Raw Vegan Cheesecake Bars + Mindful Eating

Raw Cheesecake Bars & Mindful Eating Intro

 

 

HELLO folks. Okay, so a big fat “WARNING!” comes with this recipe. And that WARNING! is this: this truly is one of the most delectable things I’ve ever had the joy of making, so naturally, it has the ability to bring a flood of JOY and many feelings of euphoria when consumed. Do not eat this & drive at the same time. Do not walk & eat this at the same time. Do not try to hold a conversation & eat this at the same time. In fact, don’t do anything while trying to eat this at the same time: it is futile. I tried, it didn’t work. My recommendation? To sit down and be totally enveloped in the taste ride that will be your experience of eating this. It deserves your full & undivided attention. Total and uncompromised loving attention.

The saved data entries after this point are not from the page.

(* Let $(\mathcal{M},\mathfrak{X})$ be a model of $\mathsf{GB}^{+\infty}$ or of $\mathsf{GB}^{-\infty}$. Then for every standard $\mathcal{L}_{\mathsf{ZF}}$-formula $\varphi(x_1,\dots,x_n)$ and all elements $a_1,\dots,a_n$ of $\mathcal{M}$: $$\mathcal{M}\models\varphi(a_1,\dots,a_n)\iff(\mathcal{M},\mathfrak{X})\models\ulcorner\varphi(c_{a_1},\dots,c_{a_n})\urcorner\in\mathsf{T}_{\mathsf{Most}}.$$
   Context: Models of the two-sorted theories are written $(\mathcal{M},\mathfrak{X})$ with $\mathcal{M}$ the set sort and $\mathfrak{X}$ a collection of subsets of $M$ (the classes). $\mathsf{GB}^{+\infty}=\mathsf{GB}$ (Gödel–Bernays); $\mathsf{GB}^{-\infty}=\mathsf{GB}_{\mathsf{fin}}+\mathsf{TC}$, where $\mathsf{GB}_{\mathsf{fin}}$ replaces infinity by its negation and $\mathsf{TC}$ says transitive closures exist. Inside such a model: $c_a$ is a constant naming the set $a$; $\mathcal{L}^+_{\mathsf{ZF}}$-sentences are codes of $\varphi(c_{a_1},\dots,c_{a_n})$ with $\varphi$ an internal $\mathcal{L}_{\mathsf{ZF}}$-formula; $\mathsf{depth}(\varphi)$ is the length of the longest path in the parsing tree; $\mathsf{Depth}_k$ = formulas of depth $\le k$. A class $T$ is a $\mathsf{Depth}_k$-truth class over $(V,\in)$ if $T$ consists of sentences obtained by substituting constants $c_a$ into formulas of $\mathsf{Depth}_k$, and for such sentences: $\ulcorner c_a=c_b\urcorner\in T\leftrightarrow a=b$, $\ulcorner c_a\in c_b\urcorner\in T\leftrightarrow a\in b$, $\neg\psi\in T\leftrightarrow\psi\notin T$, $(\psi_1\vee\psi_2)\in T\leftrightarrow(\psi_1\in T\vee\psi_2\in T)$, $\exists v\,\psi(v)\in T\leftrightarrow\exists x\,\psi(c_x)\in T$. $\mathsf{T}_{\mathsf{Most}}(x)$ expresses: $x$ is an $\mathcal{L}^+_{\mathsf{ZF}}$-sentence $\varphi(c_{a_1},\dots,c_{a_n})$ and there exist $p\ge\mathsf{depth}(\varphi)$ and a class $T$ with $\varphi(c_{a_1},\dots,c_{a_n})\in T$ and $T$ a $\mathsf{Depth}_p$-truth class over $(V,\in)$. *)

(* A two-sorted model (M, X) is given by a carrier type M, a membership
   relation E : M -> M -> Prop (E z a  reads  "z ∈ a"), and a collection
   X : (M -> Prop) -> Prop of classes (subsets of M). *)
From Stdlib Require Import List Arith.
Set Implicit Arguments.

Definition is_empty {M : Type} (E : M -> M -> Prop) (x : M) : Prop :=
  forall z, ~ E z x.
Definition is_upair {M : Type} (E : M -> M -> Prop) (a b c : M) : Prop :=
  forall z, E z c <-> (z = a \/ z = b).
Definition is_pair {M : Type} (E : M -> M -> Prop) (a b p : M) : Prop :=
  exists u v, is_upair E a a u /\ is_upair E a b v /\ is_upair E u v p.
Definition is_succ_of {M : Type} (E : M -> M -> Prop) (y x : M) : Prop :=
  forall z, E z x <-> (E z y \/ z = y).
Fixpoint is_num {M : Type} (E : M -> M -> Prop) (n : nat) (x : M) : Prop :=
  match n with
  | O => is_empty E x
  | S k => exists y, is_num E k y /\ is_succ_of E y x
  end.
Definition transitive_set {M : Type} (E : M -> M -> Prop) (x : M) : Prop :=
  forall y z, E z y -> E y x -> E z x.
(* x is an internal natural number (finite von Neumann ordinal of M) *)
Definition is_nat {M : Type} (E : M -> M -> Prop) (x : M) : Prop :=
  transitive_set E x /\ (forall y, E y x -> transitive_set E y) /\
  (is_empty E x \/ exists y, is_succ_of E y x) /\
  (forall y, E y x -> is_empty E y \/ exists z, is_succ_of E z y).

(* Internal coding of L^+_ZF syntax (fixed convention):                *)
(*   variable v_i  ~ <0, i>   (i an internal natural number)           *)
(*   constant c_a  ~ <1, a>                                            *)
(*   t = u ~ <0,<t,u>>,  t ∈ u ~ <1,<t,u>>,  ¬y ~ <2,y>,               *)
(*   y ∨ z ~ <3,<y,z>>,  ∃v y ~ <4,<v,y>>                               *)
Definition tagged {M : Type} (E : M -> M -> Prop) (k : nat) (u p : M) : Prop :=
  exists z, is_num E k z /\ is_pair E z u p.
Definition var_code {M : Type} (E : M -> M -> Prop) (t : M) : Prop :=
  exists i, is_nat E i /\ tagged E 0 i t.
Definition const_code {M : Type} (E : M -> M -> Prop) (a t : M) : Prop :=
  tagged E 1 a t.
Definition term_code {M : Type} (E : M -> M -> Prop) (t : M) : Prop :=
  var_code E t \/ exists a, const_code E a t.
Definition eq_code {M : Type} (E : M -> M -> Prop) (t u x : M) : Prop :=
  exists q, is_pair E t u q /\ tagged E 0 q x.
Definition mem_code {M : Type} (E : M -> M -> Prop) (t u x : M) : Prop :=
  exists q, is_pair E t u q /\ tagged E 1 q x.
Definition neg_code {M : Type} (E : M -> M -> Prop) (y x : M) : Prop :=
  tagged E 2 y x.
Definition or_code {M : Type} (E : M -> M -> Prop) (y z x : M) : Prop :=
  exists q, is_pair E y z q /\ tagged E 3 q x.
Definition ex_code {M : Type} (E : M -> M -> Prop) (v y x : M) : Prop :=
  exists q, is_pair E v y q /\ tagged E 4 q x.
Definition atom_code {M : Type} (E : M -> M -> Prop) (x : M) : Prop :=
  exists t u, term_code E t /\ term_code E u /\ (eq_code E t u x \/ mem_code E t u x).

Definition pair_in {M : Type} (E : M -> M -> Prop) (h x d : M) : Prop :=
  exists w, E w h /\ is_pair E x d w.

(* h is a set of pairs <x, d> witnessing that x is an L^+_ZF formula whose
   parsing tree has depth <= d (atomic formulas have depth 0; a compound
   formula has depth 1 + the max depth of its immediate subformulas). *)
Definition depth_witness {M : Type} (E : M -> M -> Prop) (h : M) : Prop :=
  forall w, E w h -> exists x d, is_pair E x d w /\ is_nat E d /\
    ( atom_code E x
    \/ (exists y d', neg_code E y x /\ E d' d /\ pair_in E h y d')
    \/ (exists y z d1 d2, or_code E y z x /\ E d1 d /\ E d2 d /\
                          pair_in E h y d1 /\ pair_in E h z d2)
    \/ (exists v y d', var_code E v /\ ex_code E v y x /\ E d' d /\ pair_in E h y d')).

Definition form_depth_le {M : Type} (E : M -> M -> Prop) (x p : M) : Prop :=
  is_nat E p /\ exists h d, depth_witness E h /\ pair_in E h x d /\ (E d p \/ d = p).

Definition is_formula {M : Type} (E : M -> M -> Prop) (x : M) : Prop :=
  exists p, form_depth_le E x p.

28168131_2335850003107883_3911672684389805634_n.jpg

 

In fact, this is one of the perfect recipes for me to introduce/talk about the concept and importance of Mindfulness in general, but particularly mindfulness when eating. Some of the MAJOR benefits I’ve experienced since beginning my mindful eating journey has been:

 

·      Increased enjoyment of the food I am consuming as I am consciously being grateful for that which is becoming and nourishing me

·      Increased awareness of my body’s reaction to what I am eating (quite literally experiencing the body taking up the nutrients and saying “YES!”)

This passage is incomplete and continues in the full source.